Members: Jillian Ambrose, vocals; Eric Salczynski, bass; Steve Sonricker, guitar; Emi Thomas, synth; Christopher Thomas, drums
Who we talked to: Ambrose, 19
How did you guys meet/how long have you been performing together? Three-fifths of our members - our drummer, our bassist and our synth player - all went to Purdue University in Indiana. They met there, and they were in another band. After they graduated, they came out here to Pennsylvania and moved to Harrisburg. I don't know why, but they decided to. I am relatively new to the band. I just joined in March. I actually responded to a Craigslist ad. They were looking for a new vocalist because Emi, the synth player . . . was playing synth and singing at the same time and she wanted to . . . just focus on the synthesizer. I went through a round of auditions kind of like "American Idol," except a lot more laid-back and they chose me. We found (another guitarist) through Craigslist who actually moved here from Buffalo, N.Y., after he graduated. They're all super-fun.
Why were you looking for bands on Craigslist? I have grown up here in York. In high school, I was super into the acoustic scene. I used to play, like, solo gigs with Rich King Phil when they were around and Autumn's Rising . . . and Dana Alexandra. I was into that kind of music, but I've always wanted to be into, like, more of a rocking band. I decided to just look at Craigslist. I wasn't expecting anything, and . . . I found them. It was, like, perfect. I really wanted a band that took themselves seriously, but not too seriously. It's really hard to find a band that's looking for female vocalists.
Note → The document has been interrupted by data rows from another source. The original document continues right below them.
(* Let $X$ be a Minkowski space and let $A=\{\mathbf{x}_1,\dots,\mathbf{x}_{2k}\}\subset X$ be a $d$-collinear set of even size, listed in its natural order. Then \[\mathrm{FT}(A)=\bigcap_{i=1}^k[\mathbf{x}_i\mathbf{x}_{2k-i+1}]_d=[\mathbf{x}_k\mathbf{x}_{k+1}]_d.\]
   Context: A Minkowski space is a finite-dimensional real normed space $(X,\|\cdot\|)$. A metric line is a subset of $X$ isometric to $\mathbb{R}$; a set is $d$-collinear if it is contained in a metric line. A finite $d$-collinear set $\{\mathbf{x}_1,\dots,\mathbf{x}_m\}$ is listed in its natural order if there is an isometry $f$ from it onto a subset of $\mathbb{R}$ with $f(\mathbf{x}_1)<f(\mathbf{x}_2)<\dots<f(\mathbf{x}_m)$. The $d$-segment is $[\mathbf{x}\mathbf{y}]_d=\{\mathbf{z}: \|\mathbf{x}-\mathbf{z}\|+\|\mathbf{z}-\mathbf{y}\|=\|\mathbf{x}-\mathbf{y}\|\}$. $\mathrm{FT}(A)$ is the set of minimizers of $\mathbf{x}\mapsto\sum_{\mathbf{a}\in A}\|\mathbf{x}-\mathbf{a}\|$. *)

(* R : realType, the Minkowski space is 'rV[R]_n with an
   arbitrary norm N (every finite-dimensional real normed space is of this form). *)
From HB Require Import structures.
From mathcomp Require Import all_boot all_order all_algebra.
From mathcomp Require Import reals.
Set Implicit Arguments. Unset Strict Implicit. Unset Printing Implicit Defensive.
Import Order.TTheory GRing.Theory Num.Theory.
Local Open Scope ring_scope.

Section Minkowski.
Variables (R : realType) (n : nat).
Notation X := 'rV[R]_n.

Definition is_norm (N : X -> R) : Prop :=
  [/\ forall x, N x = 0 -> x = 0,
      forall (a : R) x, N (a *: x) = `|a| * N x &
      forall x y, N (x + y) <= N x + N y].

Definition isometry_line (N : X -> R) (f : R -> X) : Prop :=
  forall s t : R, N (f s - f t) = `|s - t|.

Definition d_collinear (N : X -> R) (m : nat) (x : nat -> X) : Prop :=
  exists f : R -> X, isometry_line N f /\
    forall i, (i < m)%N -> exists t : R, f t = x i.

Definition natural_order (N : X -> R) (m : nat) (x : nat -> X) : Prop :=
  exists g : X -> R,
    (forall i j, (i < m)%N -> (j < m)%N -> `|g (x i) - g (x j)| = N (x i - x j)) /\
    (forall i j, (i < j)%N -> (j < m)%N -> g (x i) < g (x j)).

Definition dseg (N : X -> R) (a b : X) : X -> Prop :=
  fun z => N (a - z) + N (z - b) = N (a - b).

Definition FT (N : X -> R) (m : nat) (x : nat -> X) : X -> Prop :=
  fun z => forall y : X,
    \sum_(i < m) N (z - x i) <= \sum_(i < m) N (y - x i).

End Minkowski.

From HB Require Import structures.
From mathcomp Require Import all_boot all_order all_algebra.
From mathcomp Require Import reals.
From mathcomp Require Import zify lra.
Set Implicit Arguments. Unset Strict Implicit. Unset Printing Implicit Defensive.
Import Order.TTheory GRing.Theory Num.Theory.
Local Open Scope ring_scope.

(* Pair the points outside in: x_i with x_{2k-i+1}.  By the triangle inequality
   the cost of a point z is at least the sum of the pair distances, with equality
   exactly when z lies on every segment [x_i x_{2k-i+1}]_d.  These segments are
   nested along the line, so they all contain [x_k x_{k+1}]_d; in particular the
   bound is attained, hence the minimizers are the points of the intersection,
   and the intersection is the innermost segment. *)

Lemma sum_mirror_pairs (V : nmodType) (k : nat) (F : nat -> V) :
  \sum_(i < 2 * k) F i = \sum_(j < k) (F j + F (2 * k - 1 - j)%N).
Proof.
rewrite -(big_mkord xpredT F) (big_cat_nat (n := k)) //=; last lia.
rewrite -{2}(add0n k) big_addn (_ : (2 * k - k = k)%N); last lia.
rewrite [X in _ + X]big_nat_rev /= -big_split /= big_mkord.
apply: eq_bigr => i _; congr (_ + F _); have := ltn_ord i; lia.
Qed.

Section NormedSpace.
Variables (R : realType) (n : nat) (N : 'rV[R]_n -> R).
Hypothesis normN : is_norm N.

Lemma normN0 : N 0 = 0.
Proof. by case: normN => _ hZ _; rewrite -(scale0r 0) hZ normr0 mul0r. Qed.

Lemma normN_opp (v : 'rV[R]_n) : N (- v) = N v.
Proof. by case: normN => _ hZ _; rewrite -scaleN1r hZ normrN normr1 mul1r. Qed.

Lemma normN_distC (a b : 'rV[R]_n) : N (a - b) = N (b - a).
Proof. by rewrite -normN_opp opprB. Qed.

Lemma normN_dist_triangle (a b c : 'rV[R]_n) :
  N (a - c) <= N (a - b) + N (b - c).
Proof.
case: normN => _ _ hT.
by have -> : a - c = (a - b) + (b - c) by rewrite addrA subrK.
Qed.

Lemma dseg_endpoint_l (a b : 'rV[R]_n) : dseg N a b a.
Proof. by rewrite /dseg subrr normN0 add0r. Qed.

Lemma dseg_subset (a p q b z : 'rV[R]_n) :
  N (a - p) + N (p - q) + N (q - b) = N (a - b) ->
  dseg N p q z -> dseg N a b z.
Proof.
rewrite /dseg => aligned hz.
have := normN_dist_triangle a p z; have := normN_dist_triangle z q b.
have := normN_dist_triangle a z b; lra.
Qed.

Lemma sum_dseg_minimizers (k : nat) (a b : nat -> 'rV[R]_n) (w z : 'rV[R]_n) :
  (forall j, (j < k)%N -> dseg N (a j) (b j) w) ->
  (forall y, \sum_(j < k) (N (a j - z) + N (z - b j))
             <= \sum_(j < k) (N (a j - y) + N (y - b j))) <->
  (forall j, (j < k)%N -> dseg N (a j) (b j) z).
Proof.
move=> hw; pose gap y (j : 'I_k) := N (a j - y) + N (y - b j) - N (a j - b j).
have gap_ge0 y j : 0 <= gap y j by rewrite subr_ge0 normN_dist_triangle.
have gap0 y (i : 'I_k) : dseg N (a i) (b i) y -> gap y i = 0.
  by rewrite /gap /dseg => ->; rewrite subrr.
split=> [hmin j jk | hz y].
- have gap_sum0 : \sum_(i < k) gap z i = 0.
    apply/eqP; rewrite eq_le sumr_ge0 ?andbT // /gap sumrB subr_le0.
    by have := hmin w; rewrite (eq_bigr _ (fun (i : 'I_k) _ => hw i (ltn_ord i))).
  have /eqP := @psumr_eq0P _ _ _ _ (fun i _ => gap_ge0 z i) gap_sum0 (Ordinal jk) isT.
  by rewrite subr_eq0 => /eqP.
- have gap_sum0 : \sum_(i < k) gap z i = 0 by apply: big1 => i _; exact/gap0/hz.
  rewrite -subr_ge0 -sumrB (eq_bigr (fun i => gap y i - gap z i)); last first.
    by move=> i _; rewrite /gap; lra.
  by rewrite sumrB gap_sum0 subr0 sumr_ge0.
Qed.

Lemma natural_order_aligned (m : nat) (x : nat -> 'rV[R]_n) :
  natural_order N m x -> forall i p q j, (i <= p <= q)%N -> (q <= j < m)%N ->
  N (x i - x p) + N (x p - x q) + N (x q - x j) = N (x i - x j).
Proof.
case=> g [gdist gmono] i p q j /andP[ip pq] /andP[qj jm].
have dist u v : (u <= v)%N -> (v < m)%N -> N (x u - x v) = g (x v) - g (x u).
  move=> uv vm; rewrite -gdist ?(leq_ltn_trans uv) // distrC ger0_norm // subr_ge0.
  by case: (ltngtP u v) uv => // [/gmono/(_ vm)/ltW | ->].
rewrite !dist //; try lia; lra.
Qed.

Lemma sum_norm_mirror_pairs (k : nat) (x : nat -> 'rV[R]_n) (y : 'rV[R]_n) :
  \sum_(i < 2 * k) N (y - x i) =
  \sum_(j < k) (N (x j - y) + N (y - x (2 * k - 1 - j)%N)).
Proof.
rewrite (sum_mirror_pairs k (fun i => N (y - x i))).
by apply: eq_bigr => j _; rewrite normN_distC.
Qed.

End NormedSpace.

Theorem corollary3p19 (R : realType) (n : nat) (N : 'rV[R]_n -> R)
  (k : nat) (x : nat -> 'rV[R]_n) :
  is_norm N -> (0 < k)%N ->
  d_collinear N (2 * k) x -> natural_order N (2 * k) x ->
  (forall z, FT N (2 * k) x z <->
     (forall j, (j < k)%N -> dseg N (x j) (x (2 * k - 1 - j)%N) z)) /\
  (forall z, (forall j, (j < k)%N -> dseg N (x j) (x (2 * k - 1 - j)%N) z) <->
     dseg N (x k.-1) (x k) z).
Proof.
move=> normN k_gt0 _ /natural_order_aligned aligned.
have nested j z : (j < k)%N -> dseg N (x k.-1) (x k) z ->
    dseg N (x j) (x (2 * k - 1 - j)%N) z.
  by move=> jk; apply: dseg_subset normN _ _ _ _ _ (aligned _ _ _ _ _ _); lia.
split=> z.
- rewrite -(sum_dseg_minimizers normN (w := x k.-1)); last first.
    by move=> j jk; apply: nested => //; apply: dseg_endpoint_l.
  by rewrite /FT; split=> hmin y; move: (hmin y); rewrite !(sum_norm_mirror_pairs normN).
- split=> [hz | hmid j jk]; last exact: nested.
  by have := hz k.-1; rewrite (_ : (2 * k - 1 - k.-1 = k)%N); [apply; lia | lia].
Qed.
Describe your sound and style. I've asked friends, like, what kind of bands they think we sound like, and a lot of people have said that we sound like The Get Up Kids with a female singer or, because of our synth sound, we sound a lot like Motion City Soundtrack. Other people have said Paramore, even though we're totally different. I think it's just the similarity with the girl singer and that kind of stuff.
What are your influences? We all have, like, a wide (range) of influences. (The band was) really into old Weezer stuff and The Get Up Kids and Saves The Day. I was a little bit younger, so during the time that they were listening to (those bands), I was listening to The Backstreet Boys and *NSYNC and that kind of stuff. I've learned a lot about music through my band.
Have you guys started playing out yet? In the past two months, we've actually been playing out a lot. We played in Philly and New York City a few weekends ago. We played The Champion Ship (in Lemoyne) not too long ago. It's just, like, right now, it's the holiday time (and) because we're from all different parts of the country, it's really hard to book gigs because everyone's going to go home for Christmas and Thanksgiving. Right now, we're actually working on writing more songs and recording demos and that kind of stuff. We're doing an acoustic show at the York Galleria Hot Topic (on Dec. 1).
Have you ever written music with a band before? It's very different from what I've grown used to. Our drummer Christopher . . . actually wrote all of the songs. He comes up with . . . an actual musical progression. Lately, he's been giving me the lyrics. We have a recorded demo and we have these lyrics, so I just have to fit the lyrics into a song and make up the melody. It's really kind of neat how our songs have been forming. I was actually used to just writing songs by myself, so it's a real big struggle working with a group. You have to learn how to compromise. Our drummer Christopher . . . runs a studio based out of Harrisburg, so we get to practice in a real studio and record anytime we want for free. Basically, what we do is we write a song and then we record it and then we release it for free (online).
What sets you guys apart from other local bands? We try to make sure the audience has a bunch of fun, even if we're playing for two people, which we have done in the past. We're big about high-fives. (At) every show that we do, we try to get the audience to get someone around them and high-five them to a beat.
What is a challenge for you? We played at a 21-and-up show (in Baltimore last month), and we just didn't really feel connected (to the audience). We decided a couple weeks ago that we were going to focus on booking only all-ages shows. We're just trying to find any venues regionally.